Risk stratification and medical therapy of pulmonary arterial hypertension.

机构信息

Dept of Experimental, Diagnostic and Specialty Medicine (DIMES), Alma Mater Studiorum, University of Bologna, Bologna, Italy.

Pulmonary and Critical Care Division, Massachusetts General Hospital, Harvard Medical School, Boston, MA, USA.

出版信息

Eur Respir J. 2019 Jan 24;53(1). doi: 10.1183/13993003.01889-2018. Print 2019 Jan.

Abstract

Pulmonary arterial hypertension (PAH) remains a severe clinical condition despite the availability over the past 15 years of multiple drugs interfering with the endothelin, nitric oxide and prostacyclin pathways. The recent progress observed in medical therapy of PAH is not, therefore, related to the discovery of new pathways, but to the development of new strategies for combination therapy and on escalation of treatments based on systematic assessment of clinical response. The current treatment strategy is based on the severity of the newly diagnosed PAH patient as assessed by a multiparametric risk stratification approach. Clinical, exercise, right ventricular function and haemodynamic parameters are combined to define a low-, intermediate- or high-risk status according to the expected 1-year mortality. The current treatment algorithm provides the most appropriate initial strategy, including monotherapy, or double or triple combination therapy. Further treatment escalation is required in case low-risk status is not achieved in planned follow-up assessments.

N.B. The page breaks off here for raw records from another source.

Lemma elim_varP j cs c : c \in elim_var j cs ->
  (c \in cs /\ c.1 j = 0) \/
  exists p q, [/\ p \in cs, q \in cs, 0 < p.1 j, q.1 j < 0 & c = combine j p q].
Proof.
rewrite mem_cat mem_filter => /orP [/andP [/eqP cj ccs] | /allpairsP [[p q] /=]].
  by left.
by rewrite !mem_filter => -[/andP [pj pcs] /andP [qj qcs] ->]; right; exists p, q.
Qed.

Lemma elim_var_pivot j cs :
  {in elim_var j cs, forall c : constraint, c.1 j = 0}.
Proof.
by move=> c /elim_varP [[] | [p [q [_ _ _ _ ->]]]] //; apply: combine_pivot.
Qed.

Lemma elim_var_vanish (j x : X) cs :
  {in cs, forall c : constraint, c.1 x = 0} ->
  {in elim_var j cs, forall c : constraint, c.1 x = 0}.
Proof.
move=> cs0 c /elim_varP [[/cs0] // | [p [q [pcs qcs _ _ ->]]]].
by rewrite /= ffunE !ffunMzE cs0 ?cs0 // !mul0rz addr0.
Qed.

Lemma cone_elim_var (j : X) cs c : cone (elim_var j cs) c -> cone cs c.
Proof.
elim=> {c} [c | c d _ cc _ cd | k c k_gt0 _ cc]; last 2 first.
- exact: coneD.
- exact: coneZ.
case/elim_varP => [[ccs _] | [p [q [pcs qcs pj qj ->]]]]; first exact: cone_mem.
have Nqj : 0 < - q.1 j by rewrite oppr_gt0.
exact: coneD (coneZ Nqj (cone_mem pcs)) (coneZ pj (cone_mem qcs)).
Qed.

Variable R : realFieldType.

Definition dot (c : {ffun X -> int}) (w : X -> R) := \sum_x (c x)%:~R * w x.

Lemma dotD (c d : {ffun X -> int}) (w : X -> R) :
  dot (c + d) w = dot c w + dot d w.
Proof.
by rewrite /dot -big_split; apply: eq_bigr => x _; rewrite ffunE intrD mulrDl.
Qed.

Lemma dotB (c d : {ffun X -> int}) (w : X -> R) :
  dot (c - d) w = dot c w - dot d w.
Proof.
by rewrite /dot -sumrB; apply: eq_bigr => x _; rewrite !ffunE intrB mulrBl.
Qed.

Lemma dotMz (c : {ffun X -> int}) (k : int) (w : X -> R) :
  dot (c *~ k) w = dot c w * k%:~R.
Proof.
rewrite /dot mulr_suml; apply: eq_bigr => x _.
by rewrite ffunMzE mulrzz intrM mulrAC.
Qed.

Definition satisfies (w : X -> R) (c : constraint) := 0 < dot c.1 w ?<= if c.2.

Definition update (w : X -> R) (j : X) (t : R) x := if x == j then t else w x.

Definition threshold (j : X) (w : X -> R) (c : constraint) :=
  w j - dot c.1 w / (c.1 j)%:~R.

Lemma dot_update (c : {ffun X -> int}) (w : X -> R) (j : X) (t : R) :
  dot c (update w j t) = dot c w + (c j)%:~R * (t - w j).
Proof.
rewrite /dot (bigD1 j) // [in RHS](bigD1 j) //= /update eqxx.
by rewrite (eq_bigr (fun x => (c x)%:~R * w x)) => [|x /negbTE -> //]; ring.
Qed.

Lemma dot_update_threshold (c : constraint) (w : X -> R) (j : X) (t : R) :
  c.1 j != 0 -> dot c.1 (update w j t) = (c.1 j)%:~R * (t - threshold j w c).
Proof. by move=> cj; rewrite dot_update /threshold; field; rewrite intr_eq0. Qed.

Lemma satisfies_update_eq0 (c : constraint) (w : X -> R) (j : X) (t : R) :
  c.1 j = 0 ->
  satisfies (update w j t) c = satisfies w c.
Proof. by move=> cj; rewrite /satisfies dot_update cj mul0r addr0. Qed.

Lemma satisfies_update_gt0 (c : constraint) (w : X -> R) (j : X) (t : R) :
  0 < c.1 j ->
  satisfies (update w j t) c = (threshold j w c < t ?<= if c.2).
Proof.
move=> cj; rewrite /satisfies dot_update_threshold ?gt_eqF //.
by rewrite -(mulr0 (c.1 j)%:~R) lteif_pM2l ?ltr0z // subr_lteif0r.
Qed.

Lemma satisfies_update_lt0 (c : constraint) (w : X -> R) (j : X) (t : R) :
  c.1 j < 0 ->
  satisfies (update w j t) c = (t < threshold j w c ?<= if c.2).
Proof.
move=> cj; rewrite /satisfies dot_update_threshold ?lt_eqF //.
by rewrite -(mulr0 (c.1 j)%:~R) lteif_nM2l ?ltrz0 // subr_lteifr0.
Qed.

Lemma satisfies_combine (j : X) (p q : constraint) (w : X -> R) :
  0 < p.1 j -> q.1 j < 0 ->
  satisfies w (combine j p q) =
  (threshold j w p < threshold j w q ?<= if p.2 && q.2).
Proof.
move=> pj qj; rewrite /satisfies.
have pq_gt0 : 0 < (p.1 j)%:~R * (- q.1 j)%:~R :> R.
  by rewrite mulr_gt0 ?ltr0z ?oppr_gt0.
have -> : dot (combine j p q).1 w =
    (p.1 j)%:~R * (- q.1 j)%:~R * (threshold j w q - threshold j w p).
  rewrite dotD !dotMz /threshold intrN.
  by field; rewrite !intr_eq0 gt_eqF ?lt_eqF.
by rewrite -[E in E < _ ?<= if _](mulr0 ((p.1 j)%:~R * (- q.1 j)%:~R))
  lteif_pM2l // subr_lteif0r.
Qed.

Lemma elim_var_extend (j : X) (cs : seq constraint) (w : X -> R) :
  {in elim_var j cs, forall c, satisfies w c} ->
  exists t, {in cs, forall c, satisfies (update w j t) c}.
Proof.
move=> wP; pose pos := [seq c : constraint <- cs | 0 < c.1 j].
pose neg := [seq c : constraint <- cs | c.1 j < 0].
have [|t [tpos tneg]] :=
  lteif_interval (b := threshold j w) (C := snd) (lo := pos) (up := neg).
  move=> p q pP qP; rewrite -satisfies_combine.
  - by apply: wP; rewrite mem_cat (allpairs_f (combine j)) ?orbT.
  - by move: pP; rewrite mem_filter => /andP [].
  - by move: qP; rewrite mem_filter => /andP [].
exists t => c ccs; have [cj | cj | cj] := ltrgtP (c.1 j) 0.
- by rewrite satisfies_update_lt0 //; apply: tneg; rewrite mem_filter cj.
- by rewrite satisfies_update_gt0 //; apply: tpos; rewrite mem_filter cj.
- rewrite satisfies_update_eq0 //; apply: wP.
  by rewrite mem_cat mem_filter cj eqxx ccs.
Qed.

Lemma motzkin_transposition_on (s : seq X) (cs : seq constraint) :
  (forall c x, c \in cs -> x \notin s -> c.1 x = 0) ->
  ~ refutable cs -> exists w, {in cs, forall c, satisfies w c}.
Proof.
elim: s cs => [|j s IH] cs cs_s cs_consistent.
  exists (fun=> 0) => c ccs.
  have c0 : c.1 = 0 by apply/ffunP => x; rewrite ffunE cs_s.
  case: c ccs c0 => c [] ccs /= c0.
    by rewrite /satisfies /dot big1 ?lteifxx // => x _; rewrite mulr0.
  by case: cs_consistent; rewrite /refutable -c0; apply: cone_mem.
have [w wP] : exists w, {in elim_var j cs, forall c, satisfies w c}.
  apply: IH => [c x cel xs | /cone_elim_var/cs_consistent //].
  have [-> | xj] := eqVneq x j; first exact: elim_var_pivot cel.
  apply: elim_var_vanish cel => d dcs.
  by apply: cs_s dcs _; rewrite in_cons negb_or xj.
have [t tP] := elim_var_extend wP.
by exists (update w j t).
Qed.

Theorem motzkin_transposition (cs : seq constraint) :
  ~ refutable cs -> exists w, {in cs, forall c, satisfies w c}.
Proof.
by apply: (motzkin_transposition_on (s := enum X)) => c x _; rewrite mem_enum.
Qed.

End Motzkin.

Lemma card_nth_count (T : Type) (x0 : T) (a : pred T) (s : seq T) n :
  size s = n -> #|[set i : 'I_n | a (nth x0 s i)]| = count a s.
Proof. by move<-; rewrite -sum1_count (big_nth x0) big_mkord sum1dep_card. Qed.

Section Plausibility.
Variables (X : finType) (Sigma : {set {set X}}).
Variables (disp : Order.disp_t) (D : porderType disp) (Pl : {set X} -> D).

Definition is_event (A : {set X}) := [exists T in Sigma, A \subset T].

Lemma is_eventP A : reflect (event Sigma A) (is_event A).
Proof.
apply: (iffP existsP) => [[T /andP [TS AT]] | [T TS AT]]; first by exists T.
by exists T; rewrite TS AT.
Qed.

Definition ordered_events :=
  [pred p : {set X} * {set X} |
     [&& is_event p.1, is_event p.2 & Pl p.1 <= Pl p.2]%O].

Definition balanced (s : seq ({set X} * {set X})) :=
  forall x, count (fun p : {set X} * {set X} => x \in p.1) s =
            count (fun p : {set X} * {set X} => x \in p.2) s.

Lemma archimedean_balanced s p0 : archimedean Sigma Pl ->
  {subset s <= ordered_events} -> balanced s -> p0 \in s ->
  (Pl p0.2 <= Pl p0.1)%O.
Proof.
move=> arch s_ord s_bal p0s; set t := rcons (rem p0 s) p0.
have st : perm_eq s t by rewrite perm_sym perm_rcons perm_sym perm_to_rem.
have t_ord i : nth p0 t i \in ordered_events.
  have [it | ti] := ltnP i (size t); last by rewrite nth_default // s_ord.
  by apply: s_ord; rewrite (perm_mem st) mem_nth.
have size_t : size t = (size (rem p0 s)).+1 by rewrite size_rcons.
have t_last : nth p0 t (size (rem p0 s)) = p0 by rewrite nth_rcons ltnn eqxx.
have := arch _ (fun i : 'I_(size (rem p0 s)).+1 => (nth p0 t i).1)
  (fun i => (nth p0 t i).2).
rewrite t_last; apply=> [i | i | x | i _].
- by apply/is_eventP; case/and3P: (t_ord i).
- by apply/is_eventP; case/and3P: (t_ord i).
- rewrite (card_nth_count p0 (fun p : _ * _ => x \in p.1) size_t).
  rewrite (card_nth_count p0 (fun p : _ * _ => x \in p.2) size_t).
  by rewrite -!(permP st) s_bal.
- by case/and3P: (t_ord i).
Qed.

Definition indicator (A : {set X}) : {ffun X -> int} := [ffun x => (x \in A)%:Z].

(* For [p = (A, B)]: [mu A <= mu B], weak exactly when [Pl B <= Pl A] too. *)
Definition pl_constraint (p : {set X} * {set X}) : constraint X :=
  (indicator p.2 - indicator p.1, Pl p.2 <= Pl p.1)%O.

Definition pl_constraints := [seq pl_constraint p | p in ordered_events].

Lemma sum_indicator (s : seq ({set X} * {set X})) (f : _ -> {set X}) x :
  \sum_(p <- s) indicator (f p) x = (count (fun p => x \in f p) s)%:Z.
Proof.
elim: s => [|p s IH]; first by rewrite big_nil.
by rewrite big_cons IH ffunE /=; case: (x \in f p); rewrite ?add0r // addrC.
Qed.

Lemma archimedean_not_refutable :
  archimedean Sigma Pl -> ~ refutable pl_constraints.
Proof.
move=> arch /cone_generated [l l_sub [sum0 weak]].
have [P P_ord l_P] := iffLR (subset_mapP _ _ _) l_sub.
have {}P_ord : {subset P <= ordered_events}.
  by move=> p /(allP P_ord) /=; rewrite mem_enum.
rewrite {}l_P all_map in sum0 weak.
have /allPn [p0 p0P strict] : ~~ all (snd \o pl_constraint) P by rewrite -weak.
have P_bal : balanced P.
  move=> x; rewrite big_map /pl_constraint /= sumrB in sum0.
  move/(congr1 (fun c : {ffun X -> int} => c x)): sum0.
  rewrite !ffunE !sum_ffunE !sum_indicator => /eqP.
  by rewrite eq_sym subr_eq0 => /eqP [].
by move: strict; rewrite /= (archimedean_balanced arch P_ord P_bal p0P).
Qed.

Lemma ordered_eventsE A B : event Sigma A -> event Sigma B ->
  ((A, B) \in ordered_events) = (Pl A <= Pl B)%O.
Proof. by move=> /is_eventP eA /is_eventP eB; rewrite inE /= eA eB. Qed.

Variable R : realFieldType.

Lemma dot_indicator (w : X -> R) A : dot (indicator A) w = measure_of w A.
Proof.
rewrite /dot /measure_of [RHS]big_mkcond; apply: eq_bigr => x _.
by rewrite ffunE; case: (x \in A); rewrite ?mul1r ?mul0r.
Qed.

Lemma satisfies_pl_constraint (w : X -> R) p :
  satisfies w (pl_constraint p) =
  (measure_of w p.1 < measure_of w p.2 ?<= if (Pl p.2 <= Pl p.1)%O).
Proof. by rewrite /satisfies dotB !dot_indicator subr_lteif0r. Qed.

Lung transplantation may be required in most advanced cases on maximal medical therapy.

摘要

尽管在过去的 15 年中已经有多种药物可以干预内皮素、一氧化氮和前列环素途径,但肺动脉高压 (PAH) 仍然是一种严重的临床情况。因此,PAH 治疗方面的最新进展并不是由于新途径的发现,而是由于联合治疗的新策略的发展以及基于临床反应的系统评估来升级治疗。目前的治疗策略基于新诊断的 PAH 患者的严重程度,通过多参数风险分层方法进行评估。根据预期的 1 年死亡率,将临床、运动、右心室功能和血流动力学参数相结合,以确定低、中或高风险状态。目前的治疗算法提供了最合适的初始策略,包括单药治疗、双药或三药联合治疗。如果在计划的随访评估中未达到低风险状态,则需要进一步升级治疗。在大多数晚期病例中,肺移植可能是最大程度药物治疗的必要手段。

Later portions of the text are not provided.